===== Dataset extract =====
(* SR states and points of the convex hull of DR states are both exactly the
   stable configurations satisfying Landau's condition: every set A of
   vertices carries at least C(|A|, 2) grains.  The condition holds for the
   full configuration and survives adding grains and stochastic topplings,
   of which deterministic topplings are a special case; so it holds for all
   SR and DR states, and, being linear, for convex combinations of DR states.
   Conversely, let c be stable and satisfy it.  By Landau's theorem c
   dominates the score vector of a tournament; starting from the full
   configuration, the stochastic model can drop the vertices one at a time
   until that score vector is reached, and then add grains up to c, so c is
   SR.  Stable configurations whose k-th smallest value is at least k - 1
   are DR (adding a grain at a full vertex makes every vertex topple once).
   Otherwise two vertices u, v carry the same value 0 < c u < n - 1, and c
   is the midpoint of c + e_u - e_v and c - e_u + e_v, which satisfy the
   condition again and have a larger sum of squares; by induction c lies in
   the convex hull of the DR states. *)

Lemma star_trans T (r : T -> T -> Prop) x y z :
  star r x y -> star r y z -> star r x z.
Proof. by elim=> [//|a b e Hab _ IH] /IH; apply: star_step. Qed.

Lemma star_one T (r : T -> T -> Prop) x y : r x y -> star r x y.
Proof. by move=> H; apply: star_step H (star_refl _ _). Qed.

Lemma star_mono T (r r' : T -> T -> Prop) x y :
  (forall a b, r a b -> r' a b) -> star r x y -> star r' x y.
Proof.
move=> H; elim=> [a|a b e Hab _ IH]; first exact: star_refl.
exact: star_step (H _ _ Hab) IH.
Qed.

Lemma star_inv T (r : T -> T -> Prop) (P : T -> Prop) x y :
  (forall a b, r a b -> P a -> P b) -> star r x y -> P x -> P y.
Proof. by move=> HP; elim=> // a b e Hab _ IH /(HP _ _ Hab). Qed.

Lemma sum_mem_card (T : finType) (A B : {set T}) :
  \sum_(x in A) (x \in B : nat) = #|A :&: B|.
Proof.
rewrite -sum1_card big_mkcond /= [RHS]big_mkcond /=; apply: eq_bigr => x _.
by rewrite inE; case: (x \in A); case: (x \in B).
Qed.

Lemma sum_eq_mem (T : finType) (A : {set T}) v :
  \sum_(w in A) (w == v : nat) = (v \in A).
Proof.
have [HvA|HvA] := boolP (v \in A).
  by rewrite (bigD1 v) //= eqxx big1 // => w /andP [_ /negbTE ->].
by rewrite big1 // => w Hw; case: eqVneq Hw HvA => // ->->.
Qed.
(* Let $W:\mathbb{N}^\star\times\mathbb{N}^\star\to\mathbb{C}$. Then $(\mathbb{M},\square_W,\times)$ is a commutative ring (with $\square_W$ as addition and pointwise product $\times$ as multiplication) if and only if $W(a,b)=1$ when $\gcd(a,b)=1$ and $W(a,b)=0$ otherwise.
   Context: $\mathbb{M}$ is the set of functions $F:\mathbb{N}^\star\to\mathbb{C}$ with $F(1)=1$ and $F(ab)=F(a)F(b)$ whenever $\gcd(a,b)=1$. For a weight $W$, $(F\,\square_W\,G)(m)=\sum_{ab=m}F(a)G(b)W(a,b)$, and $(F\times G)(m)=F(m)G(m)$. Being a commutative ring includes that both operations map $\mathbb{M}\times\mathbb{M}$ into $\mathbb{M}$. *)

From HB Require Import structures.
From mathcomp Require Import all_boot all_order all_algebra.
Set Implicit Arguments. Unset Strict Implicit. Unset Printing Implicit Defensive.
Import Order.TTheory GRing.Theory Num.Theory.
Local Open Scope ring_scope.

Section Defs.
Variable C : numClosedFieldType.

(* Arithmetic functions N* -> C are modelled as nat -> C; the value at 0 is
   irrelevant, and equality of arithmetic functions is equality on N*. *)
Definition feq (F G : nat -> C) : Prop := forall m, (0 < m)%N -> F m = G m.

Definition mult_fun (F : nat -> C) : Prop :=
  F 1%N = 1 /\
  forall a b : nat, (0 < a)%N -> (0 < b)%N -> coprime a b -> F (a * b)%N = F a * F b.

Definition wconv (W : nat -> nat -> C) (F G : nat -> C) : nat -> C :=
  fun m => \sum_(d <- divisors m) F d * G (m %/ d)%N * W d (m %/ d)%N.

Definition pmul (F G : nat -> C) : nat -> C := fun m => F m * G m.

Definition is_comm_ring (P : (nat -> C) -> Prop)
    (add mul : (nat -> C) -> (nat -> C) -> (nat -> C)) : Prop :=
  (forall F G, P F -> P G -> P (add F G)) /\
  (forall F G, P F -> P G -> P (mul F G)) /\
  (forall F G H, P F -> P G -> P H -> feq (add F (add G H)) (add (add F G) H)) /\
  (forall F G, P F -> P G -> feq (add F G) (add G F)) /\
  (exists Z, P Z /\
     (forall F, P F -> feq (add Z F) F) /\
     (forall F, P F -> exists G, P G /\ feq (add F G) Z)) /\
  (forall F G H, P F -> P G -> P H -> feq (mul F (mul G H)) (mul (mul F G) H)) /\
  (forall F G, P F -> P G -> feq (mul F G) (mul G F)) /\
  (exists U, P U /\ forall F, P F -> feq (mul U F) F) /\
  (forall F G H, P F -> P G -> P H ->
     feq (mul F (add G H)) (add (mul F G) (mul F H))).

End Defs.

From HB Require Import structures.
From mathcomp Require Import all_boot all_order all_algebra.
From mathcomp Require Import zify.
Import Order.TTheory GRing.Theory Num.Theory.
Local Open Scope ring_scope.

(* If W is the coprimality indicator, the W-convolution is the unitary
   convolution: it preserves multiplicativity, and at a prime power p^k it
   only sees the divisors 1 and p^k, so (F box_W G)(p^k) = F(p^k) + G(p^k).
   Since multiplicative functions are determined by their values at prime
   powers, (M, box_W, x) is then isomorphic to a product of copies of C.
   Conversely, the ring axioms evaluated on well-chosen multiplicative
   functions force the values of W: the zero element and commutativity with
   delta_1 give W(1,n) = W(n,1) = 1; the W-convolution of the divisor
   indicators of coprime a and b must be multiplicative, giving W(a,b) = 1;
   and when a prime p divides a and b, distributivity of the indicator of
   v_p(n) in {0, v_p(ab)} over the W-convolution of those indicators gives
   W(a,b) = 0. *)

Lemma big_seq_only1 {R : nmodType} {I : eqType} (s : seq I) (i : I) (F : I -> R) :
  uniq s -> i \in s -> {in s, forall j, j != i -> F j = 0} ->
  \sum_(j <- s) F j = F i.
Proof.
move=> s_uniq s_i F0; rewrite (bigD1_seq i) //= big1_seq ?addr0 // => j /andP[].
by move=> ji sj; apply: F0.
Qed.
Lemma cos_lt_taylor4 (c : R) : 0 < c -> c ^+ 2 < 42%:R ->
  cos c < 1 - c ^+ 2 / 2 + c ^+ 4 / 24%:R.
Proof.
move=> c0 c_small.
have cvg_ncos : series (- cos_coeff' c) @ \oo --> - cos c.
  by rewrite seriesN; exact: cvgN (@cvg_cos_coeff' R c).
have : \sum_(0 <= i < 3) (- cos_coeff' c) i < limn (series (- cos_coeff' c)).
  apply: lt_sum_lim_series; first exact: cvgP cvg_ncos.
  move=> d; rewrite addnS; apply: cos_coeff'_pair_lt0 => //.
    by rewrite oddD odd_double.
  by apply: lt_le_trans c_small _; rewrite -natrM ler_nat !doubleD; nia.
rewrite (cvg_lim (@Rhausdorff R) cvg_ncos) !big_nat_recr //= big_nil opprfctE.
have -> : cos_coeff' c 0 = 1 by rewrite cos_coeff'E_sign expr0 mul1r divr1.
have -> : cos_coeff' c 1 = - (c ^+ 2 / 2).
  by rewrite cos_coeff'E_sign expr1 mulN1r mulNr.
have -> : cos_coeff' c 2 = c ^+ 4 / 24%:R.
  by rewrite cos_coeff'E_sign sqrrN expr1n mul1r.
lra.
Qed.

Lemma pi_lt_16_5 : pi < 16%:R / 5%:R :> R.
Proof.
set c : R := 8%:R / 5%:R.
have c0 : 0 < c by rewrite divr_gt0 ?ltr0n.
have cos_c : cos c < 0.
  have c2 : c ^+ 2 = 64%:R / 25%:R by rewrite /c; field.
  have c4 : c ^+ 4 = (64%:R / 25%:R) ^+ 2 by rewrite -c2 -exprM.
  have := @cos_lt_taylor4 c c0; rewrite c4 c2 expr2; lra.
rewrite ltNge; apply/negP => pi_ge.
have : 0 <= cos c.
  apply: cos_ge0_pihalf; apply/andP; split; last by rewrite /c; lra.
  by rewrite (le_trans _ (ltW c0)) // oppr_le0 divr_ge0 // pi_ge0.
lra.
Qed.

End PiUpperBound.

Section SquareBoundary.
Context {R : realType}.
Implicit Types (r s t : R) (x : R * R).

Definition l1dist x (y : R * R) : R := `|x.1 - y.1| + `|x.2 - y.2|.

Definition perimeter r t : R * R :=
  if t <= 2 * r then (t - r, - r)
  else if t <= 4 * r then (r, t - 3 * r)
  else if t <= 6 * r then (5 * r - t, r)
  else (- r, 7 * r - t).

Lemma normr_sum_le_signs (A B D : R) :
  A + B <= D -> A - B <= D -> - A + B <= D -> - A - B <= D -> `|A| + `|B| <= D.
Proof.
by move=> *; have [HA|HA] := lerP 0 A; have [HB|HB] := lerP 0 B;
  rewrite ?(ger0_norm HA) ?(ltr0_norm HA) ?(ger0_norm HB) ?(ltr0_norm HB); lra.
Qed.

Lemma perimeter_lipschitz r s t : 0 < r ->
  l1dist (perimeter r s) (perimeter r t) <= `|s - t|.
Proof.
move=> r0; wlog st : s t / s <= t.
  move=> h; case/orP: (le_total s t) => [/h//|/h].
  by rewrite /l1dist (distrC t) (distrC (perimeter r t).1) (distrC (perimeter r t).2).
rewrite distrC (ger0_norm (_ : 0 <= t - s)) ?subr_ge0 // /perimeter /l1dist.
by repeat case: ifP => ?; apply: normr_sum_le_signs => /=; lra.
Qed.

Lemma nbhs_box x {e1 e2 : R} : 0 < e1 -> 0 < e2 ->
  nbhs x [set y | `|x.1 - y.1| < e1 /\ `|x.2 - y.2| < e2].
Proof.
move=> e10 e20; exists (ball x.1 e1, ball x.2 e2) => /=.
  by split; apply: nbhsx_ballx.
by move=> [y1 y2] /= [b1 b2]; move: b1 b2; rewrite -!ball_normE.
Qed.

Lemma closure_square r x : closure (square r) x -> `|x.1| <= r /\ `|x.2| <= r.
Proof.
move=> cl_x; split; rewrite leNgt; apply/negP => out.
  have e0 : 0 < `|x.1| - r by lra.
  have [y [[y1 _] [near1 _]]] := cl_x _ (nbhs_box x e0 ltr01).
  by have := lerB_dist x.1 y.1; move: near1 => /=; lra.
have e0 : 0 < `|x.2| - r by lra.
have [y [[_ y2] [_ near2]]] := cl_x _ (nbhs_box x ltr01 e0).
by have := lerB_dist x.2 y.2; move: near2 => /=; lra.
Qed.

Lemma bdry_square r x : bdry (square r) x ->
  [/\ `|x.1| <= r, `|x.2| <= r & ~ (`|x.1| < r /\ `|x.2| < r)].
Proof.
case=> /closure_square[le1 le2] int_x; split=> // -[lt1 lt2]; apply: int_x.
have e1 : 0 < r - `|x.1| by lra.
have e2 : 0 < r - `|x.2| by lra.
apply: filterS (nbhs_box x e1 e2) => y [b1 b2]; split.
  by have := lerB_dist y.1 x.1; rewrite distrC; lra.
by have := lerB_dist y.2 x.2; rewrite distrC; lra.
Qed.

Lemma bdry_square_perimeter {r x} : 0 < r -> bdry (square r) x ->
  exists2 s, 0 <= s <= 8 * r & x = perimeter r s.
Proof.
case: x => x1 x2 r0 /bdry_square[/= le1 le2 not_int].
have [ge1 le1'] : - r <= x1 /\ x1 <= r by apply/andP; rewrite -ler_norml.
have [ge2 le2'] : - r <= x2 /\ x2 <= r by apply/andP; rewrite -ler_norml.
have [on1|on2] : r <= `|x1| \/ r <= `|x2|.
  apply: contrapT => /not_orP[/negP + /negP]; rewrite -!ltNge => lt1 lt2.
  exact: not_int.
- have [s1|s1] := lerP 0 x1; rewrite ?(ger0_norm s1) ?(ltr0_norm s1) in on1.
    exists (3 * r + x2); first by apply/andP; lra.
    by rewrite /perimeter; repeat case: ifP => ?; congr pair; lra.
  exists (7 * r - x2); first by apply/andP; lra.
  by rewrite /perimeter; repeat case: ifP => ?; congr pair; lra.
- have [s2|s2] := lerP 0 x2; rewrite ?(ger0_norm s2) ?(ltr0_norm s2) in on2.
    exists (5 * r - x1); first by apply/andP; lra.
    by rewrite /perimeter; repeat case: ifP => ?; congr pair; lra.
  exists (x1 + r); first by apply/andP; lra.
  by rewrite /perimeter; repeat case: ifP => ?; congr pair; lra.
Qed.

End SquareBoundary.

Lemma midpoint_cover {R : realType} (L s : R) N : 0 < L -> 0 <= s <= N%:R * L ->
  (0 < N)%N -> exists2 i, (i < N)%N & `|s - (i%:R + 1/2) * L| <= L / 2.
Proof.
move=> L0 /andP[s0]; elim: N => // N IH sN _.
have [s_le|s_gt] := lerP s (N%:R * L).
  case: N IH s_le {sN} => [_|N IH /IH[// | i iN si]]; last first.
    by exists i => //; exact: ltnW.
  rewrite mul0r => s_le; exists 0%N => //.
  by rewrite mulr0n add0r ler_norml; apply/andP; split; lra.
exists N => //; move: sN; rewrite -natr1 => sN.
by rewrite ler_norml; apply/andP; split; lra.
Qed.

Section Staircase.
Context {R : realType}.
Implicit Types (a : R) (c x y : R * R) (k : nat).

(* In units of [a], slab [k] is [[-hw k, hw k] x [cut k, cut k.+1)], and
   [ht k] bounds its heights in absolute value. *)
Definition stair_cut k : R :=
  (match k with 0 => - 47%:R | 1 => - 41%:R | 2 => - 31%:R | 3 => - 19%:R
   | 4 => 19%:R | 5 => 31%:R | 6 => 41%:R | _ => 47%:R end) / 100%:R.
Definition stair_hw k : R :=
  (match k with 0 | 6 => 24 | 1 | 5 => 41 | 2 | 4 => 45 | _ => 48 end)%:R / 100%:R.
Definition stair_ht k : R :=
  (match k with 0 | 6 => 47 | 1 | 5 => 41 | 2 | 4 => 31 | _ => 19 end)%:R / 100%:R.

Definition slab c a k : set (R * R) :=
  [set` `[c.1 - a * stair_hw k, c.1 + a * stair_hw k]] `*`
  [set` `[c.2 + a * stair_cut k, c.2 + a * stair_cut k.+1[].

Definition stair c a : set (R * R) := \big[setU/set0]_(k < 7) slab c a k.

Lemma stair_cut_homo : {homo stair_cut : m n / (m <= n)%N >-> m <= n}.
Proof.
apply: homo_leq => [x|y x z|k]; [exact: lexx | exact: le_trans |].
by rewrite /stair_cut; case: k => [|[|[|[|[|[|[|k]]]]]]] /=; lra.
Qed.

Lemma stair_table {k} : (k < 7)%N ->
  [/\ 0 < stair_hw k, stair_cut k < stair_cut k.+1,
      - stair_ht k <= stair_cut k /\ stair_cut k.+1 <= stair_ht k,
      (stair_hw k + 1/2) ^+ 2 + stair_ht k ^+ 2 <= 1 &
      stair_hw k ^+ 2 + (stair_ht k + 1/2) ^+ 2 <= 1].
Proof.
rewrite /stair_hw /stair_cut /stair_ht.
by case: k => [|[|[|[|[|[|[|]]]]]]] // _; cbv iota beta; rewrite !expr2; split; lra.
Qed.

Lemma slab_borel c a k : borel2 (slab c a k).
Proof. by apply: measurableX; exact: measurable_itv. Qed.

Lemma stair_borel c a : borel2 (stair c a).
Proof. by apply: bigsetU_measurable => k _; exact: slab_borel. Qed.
=====
■ Exercise aim
Which lines in the listing hold the word "with"? Copy them out.

■ Task answer
(* Let $W:\mathbb{N}^\star\times\mathbb{N}^\star\to\mathbb{C}$. Then $(\mathbb{M},\square_W,\times)$ is a commutative ring (with $\square_W$ as addition and pointwise product $\times$ as multiplication) if and only if $W(a,b)=1$ when $\gcd(a,b)=1$ and $W(a,b)=0$ otherwise.
   Context: $\mathbb{M}$ is the set of functions $F:\mathbb{N}^\star\to\mathbb{C}$ with $F(1)=1$ and $F(ab)=F(a)F(b)$ whenever $\gcd(a,b)=1$. For a weight $W$, $(F\,\square_W\,G)(m)=\sum_{ab=m}F(a)G(b)W(a,b)$, and $(F\times G)(m)=F(m)G(m)$. Being a commutative ring includes that both operations map $\mathbb{M}\times\mathbb{M}$ into $\mathbb{M}$. *)
   functions force the values of W: the zero element and commutativity with
  (match k with 0 => - 47%:R | 1 => - 41%:R | 2 => - 31%:R | 3 => - 19%:R
  (match k with 0 | 6 => 24 | 1 | 5 => 41 | 2 | 4 => 45 | _ => 48 end)%:R / 100%:R.
  (match k with 0 | 6 => 47 | 1 | 5 => 41 | 2 | 4 => 31 | _ => 19 end)%:R / 100%:R.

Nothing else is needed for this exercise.